Paul Mpagi Sepuya’s photographs combine formal portraiture, elements of storytelling, and homoerotic imagery. His collaged-based photographs often include camera lenses and mirrors that lift the veil of his studio practice and highlight the works’ artifice and self-actuation. Sepuya’s images feature muses, friends, lovers and self-portraits in complex tangles and fragments that resonate with restraint, intimacy, and desire. His first museum solo exhibition is on view at the Contemporary Art Museum, St Louis, MO (May 17 – Aug 18, 2019) and his photographs are included in the seventy-ninth Whitney Biennial (May 17–September 22, 2019). An image from his series “Darkroom Mirrors” (2017) was featured on the cover of Artforum magazine, March 2019. 

Paul received his MFA from the University of California Los Angeles in 2016, and a BFA from New York University Tisch School of the Arts in 2004. His work has been exhibited at: the Museum of Contemporary Art, Los Angeles; The Studio Museum in Harlem; Franklin Art Works, Minneapolis; and the Artist Institute, New York. Public collections include: Museum of Modern Art, New York; Whitney Museum of American Art, New York; Solomon R. Guggenheim Museum, New York; International Center of Photography, New York; Irish Museum of Modern Art, Dublin; and the Carnegie Museum of Art, Pittsburgh. He currently lives and works in Los Angeles, CA and is represented by Susanne Vielmetter, Los Angeles, CA and Team Gallery, NY.

Tuesday Smillie is an interdisciplinary artist whose works address trans-feminist politics, binaries of inclusion and exclusion, and the relationship between individuals and groups. Her large, collaged textiles function as protest banners while also acting as citational fields for literary and personal texts. In other works in the exhibition, Smillie explores an imaginary of reading and gender performance in her ongoing series of watercolors depicting various editions of Ursula K. Le Guin’s 1969 novel The Left Hand of Darkness. Her work is currently featured in the exhibition “Nobody Promised You Tomorrow: Art 50 Years After Stonewall,” at the Brooklyn Museum, NY, commemorating the anniversary of the 1969 Stonewall Uprising. Smillie will be an artist in residence at the Robert Rauschenberg Foundation in Captiva, FL in 2020. 

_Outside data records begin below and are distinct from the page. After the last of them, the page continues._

Section RealFeasible.
Variables (R : realType) (k : nat) (a : R).
Hypothesis a0 : 0 <= a.

Lemma feas_of_re_imP (w : 'rV[R]_(k + k)) :
  feas a (of_re_im w) <->
  [/\ dotp w w <= a ^+ 2, forall i, 0 <= w 0 (lshift k i),
      \sum_i w 0 (lshift k i) = 1 & \sum_i w 0 (rshift k i) = 0].
Proof.
rewrite /feas /=.
have -> : cvnorm (of_re_im w) = Num.sqrt (dotp w w).
  rewrite /cvnorm /dotp big_split_ord big_split /=.
  by congr (Num.sqrt (_ + _)); apply: eq_bigr => i _; rewrite !mxE /= expr2.
have -> : \sum_i of_re_im w i 0 = Complex (\sum_i w 0 (lshift k i)) (\sum_i w 0 (rshift k i)).
  apply/eqP; rewrite eq_complex Re_sum Im_sum.
  by apply/andP; split; apply/eqP; apply: eq_bigr => i _; rewrite mxE.
have complex_eq1 (x y : R) : Complex x y = 1 <-> x = 1 /\ y = 0.
  by split=> [/eqP|[-> ->]] //; rewrite eq_complex /= => /andP[/eqP -> /eqP ->].
rewrite complex_eq1 -{1}(ger0_norm a0) -sqrtr_sqr ler_sqrt ?sqr_ge0 ?dotpp_ge0 //.
split=> [[wa [w_ge0 [-> ->]]]|[wa w_ge0 -> ->]].
- by split=> // i; have := w_ge0 i; rewrite mxE /=.
- by split=> //; split=> // i; rewrite mxE /=.
Qed.

Lemma closed_feas_re_im : closed (feas_re_im k a).
Proof.
have closed_pre (g : 'rV[R]_(k + k) -> R) (D : set R) :
    continuous g -> closed D -> closed (g @^-1` D).
  by move=> cg; apply: (continuous_closedP g).1.
have csum (h : 'I_k -> 'I_(k + k)) :
    continuous (fun w : 'rV[R]_(k + k) => \sum_i w 0 (h i)).
  by apply: continuous_big => [z|i _]; [exact: add_continuous | exact: coord_continuous].
have -> : feas_re_im k a =
    [set w | dotp w w <= a ^+ 2] `&` \bigcap_i [set w | 0 <= w 0 (lshift k i)] `&`
    [set w | \sum_i w 0 (lshift k i) = 1] `&` [set w | \sum_i w 0 (rshift k i) = 0].
  apply/seteqP; split=> w /=.
    by move=> /feas_of_re_imP[wa w_ge0 sl sr]; do !split=> //; move=> i _; apply: w_ge0.
  by move=> [[[wa w_ge0] sl] sr]; apply/feas_of_re_imP; split=> // i; apply: w_ge0.
apply: closedI; [apply: closedI; [apply: closedI|]|].
- apply: closed_pre (@closed_le _ _).
  by apply: continuous_dotp => j; exact: coord_continuous.
- by apply: closed_bigI => i _; apply: closed_pre (@closed_ge _ _); exact: coord_continuous.
- exact: closed_pre (csum _) (@closed_eq _ _).
- exact: closed_pre (csum _) (@closed_eq _ _).
Qed.

Lemma compact_feas_re_im : compact (feas_re_im k a).
Proof.
apply: (subclosed_compact closed_feas_re_im (compact_dotp_le (c := a ^+ 2))).
by move=> w /feas_of_re_imP[].
Qed.

Lemma convex_feas_re_im : convex_set (feas_re_im k a : set (convex_lmodType _)).
Proof.
apply/convex_setP => x y t.
move=> /feas_of_re_imP[xa x_ge0 xl xr] /feas_of_re_imP[ya y_ge0 yl yr] /andP[t0 t1].
have sum_comb (h : 'I_k -> 'I_(k + k)) : \sum_i (t *: x + (1 - t) *: y) 0 (h i) =
    t * \sum_i x 0 (h i) + (1 - t) * \sum_i y 0 (h i).
  by rewrite !mulr_sumr -big_split; apply: eq_bigr => i _; rewrite !mxE.
apply/feas_of_re_imP; split=> [|i||]; rewrite ?sum_comb ?xl ?yl ?xr ?yr.
- rewrite dotp_convex_comb.
  have := sqdist_ge0 x y; have : 0 <= t * (1 - t) by rewrite mulr_ge0 ?subr_ge0.
  nra.
- by rewrite !mxE; have := x_ge0 i; have := y_ge0 i; nra.
- lra.
- lra.
Qed.

Lemma feas_re_im_nonempty : (0 < k)%N -> (Num.sqrt k%:R)^-1 <= a -> feas_re_im k a !=set0.
Proof.
move=> k0 ka; have k0R : 0 < k%:R :> R by rewrite ltr0n.
pose w : 'rV[R]_(k + k) := row_mx (const_mx k%:R^-1) 0.
have wl i : w 0 (lshift k i) = k%:R^-1 by rewrite row_mxEl mxE.
have wr i : w 0 (rshift k i) = 0 by rewrite row_mxEr mxE.
have sum_wl : \sum_i w 0 (lshift k i) = 1.
  under eq_bigr do rewrite wl.
  by rewrite sumr_const card_ord -[_ *+ k]mulr_natr mulVf ?lt0r_neq0.
exists w; apply/feas_of_re_imP; split=> [|i||] //.
- rewrite /dotp big_split_ord /= [X in _ + X]big1 => [|j _]; last by rewrite wr mulr0.
  under eq_bigr do rewrite wl.
  rewrite addr0 sumr_const card_ord -[_ *+ k]mulr_natr -mulrA mulVf ?lt0r_neq0 // mulr1.
  have : (Num.sqrt k%:R)^-1 ^+ 2 <= a ^+ 2 by rewrite ler_sqr ?nnegrE ?invr_ge0 ?sqrtr_ge0.
  by rewrite exprVn sqr_sqrtr ?ler0n.
- by rewrite wl invr_ge0 ler0n.
- by rewrite big1 // => i _; rewrite wr.
Qed.

End RealFeasible.

Lemma feas_re_im_row (R : realType) k (a : R) (u : 'cV[R[i]]_k) :
  feas_re_im k a (re_im_row u) = feas a u.
Proof. by rewrite /feas_re_im /= re_im_rowK. Qed.

Lemma saddle_value_unique (R : realType) n m (A : 'M[R[i]]_(n, m)) a1 a2 u v r u' v' r' :
  saddle A a1 a2 u v r -> saddle A a1 a2 u' v' r' -> r' = r.
Proof.
move=> [Uu [Vv [ge_r le_r]]] [Uu' [Vv' [ge_r' le_r']]].
have := ge_r _ Vv'; have := le_r _ Uu'; have := ge_r' _ Vv; have := le_r' _ Uu.
lra.
Qed.

Section ComplexGame.
Variables (R : realType) (n m : nat) (A : 'M[R[i]]_(n, m)) (a1 a2 : R).
Hypotheses (n0 : (0 < n)%N) (m0 : (0 < m)%N).
Hypotheses (a1n : (Num.sqrt n%:R)^-1 <= a1) (a2m : (Num.sqrt m%:R)^-1 <= a2).

Let a1_ge0 : 0 <= a1. Proof. by apply: le_trans a1n; rewrite invr_ge0 sqrtr_ge0. Qed.
Let a2_ge0 : 0 <= a2. Proof. by apply: le_trans a2m; rewrite invr_ge0 sqrtr_ge0. Qed.

Lemma payoff_saddle_exists : exists us vs, [/\ feas a1 us, feas a2 vs &
  forall u v, feas a1 u -> feas a2 v -> payoff A u vs <= payoff A us v].
Proof.
have [xs Uxs [ys Vys saddle_xy]] := matrix_game_saddle (realify A)
  (feas_re_im_nonempty a1_ge0 n0 a1n) (feas_re_im_nonempty a2_ge0 m0 a2m)
  (compact_feas_re_im a1_ge0) (compact_feas_re_im a2_ge0)
  (convex_feas_re_im a1_ge0) (convex_feas_re_im a2_ge0).
exists (of_re_im xs), (of_re_im ys); split=> // u v Uu Vv.
rewrite !payoff_realify !of_re_imK.
by apply: saddle_xy; rewrite feas_re_im_row.
Qed.

Lemma payoff_min_exists u : exists mn, is_min_on (feas a2) (payoff A u) mn.
Proof.
have [c Vc cmin] := compact_argmin (feas_re_im_nonempty a2_ge0 m0 a2m)
  (compact_feas_re_im a2_ge0) (continuous_game_r (M := realify A) (x := re_im_row u)).
exists (payoff A u (of_re_im c)); split; first by exists (of_re_im c).
move=> v Vv; rewrite !payoff_realify of_re_imK.
by apply: cmin; rewrite feas_re_im_row.
Qed.

Lemma payoff_max_exists v : exists mx, is_max_on (feas a1) (payoff A^~ v) mx.
Proof.
have [c Uc cmax] := compact_argmax (feas_re_im_nonempty a1_ge0 n0 a1n)
  (compact_feas_re_im a1_ge0) (continuous_game_l (M := realify A) (y := re_im_row v)).
exists (payoff A (of_re_im c) v); split; first by exists (of_re_im c).
move=> u Uu; rewrite !payoff_realify of_re_imK.
by apply: cmax; rewrite feas_re_im_row.
Qed.

End ComplexGame.

Theorem theorem3 (R : realType) (n m : nat) (A : 'M[R[i]]_(n, m)) (a1 a2 : R) :
  (0 < n)%N -> (0 < m)%N ->
  (Num.sqrt (n%:R))^-1 <= a1 -> (Num.sqrt (m%:R))^-1 <= a2 ->
  exists (us : 'cV[R[i]]_n) (vs : 'cV[R[i]]_m) (r : R),
    saddle A a1 a2 us vs r /\
    (forall u' v' r', saddle A a1 a2 u' v' r' -> r' = r) /\
    is_maxmin (feas a1) (feas a2) (payoff A) r /\
    is_minmax (feas a1) (feas a2) (payoff A) r.
Proof.
move=> n0 m0 a1n a2m.
have [us [vs [Uus Vvs saddle_uv]]] := payoff_saddle_exists A n0 m0 a1n a2m.
have saddle_us_vs : saddle A a1 a2 us vs (payoff A us vs).
  by split=> //; split=> //; split=> [v Vv|u Uu]; apply: saddle_uv.
exists us, vs, (payoff A us vs); split=> //; split.
  by move=> u v r; apply: saddle_value_unique saddle_us_vs.
split.
- by apply: (saddle_is_maxmin Uus Vvs saddle_uv) => u _; apply: payoff_min_exists.
- by apply: (saddle_is_minmax Uus Vvs saddle_uv) => v _; apply: payoff_max_exists.
Qed.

Tuesday was born in Boston, Massachusetts and moved to Portland, Oregon in 2001, where she received her BFA from Oregon College of Art & Craft in 2007. Her work has been shown across the United States and Canada, including recent solo exhibitions at the Rose Art Museum in Waltham, MA, Participant Inc., New York, NY, Haverford College, Haverford, PA, and group exhibitions at the New Museum, NY, Artist Space, NY, Rubin Museum, New York, NY, and Fort Worth Contemporary Arts, Fort Worth, TX. In 2014 Smillie was named the first resident artist by the Museum of Trans Hirstory & Art (MOTHA). Her work has been featured in Artforum; the Boston Globe; and New York Magazine, and she has lectured at Cornell University, Ithaca and the Whitney Museum of American Art, New York. She currently lives and works in Brooklyn, NY. 

Converge 45 is a nonprofit organization that provides a curatorial platform for the visual arts in Portland and the surrounding region. Through annual programming led by a Guest Artistic Director in collaboration with cultural partners, the organization supports the region’s arts ecology and expands the conversation around contemporary art. The 2019 – 2021 Artistic Director is Lisa Dent.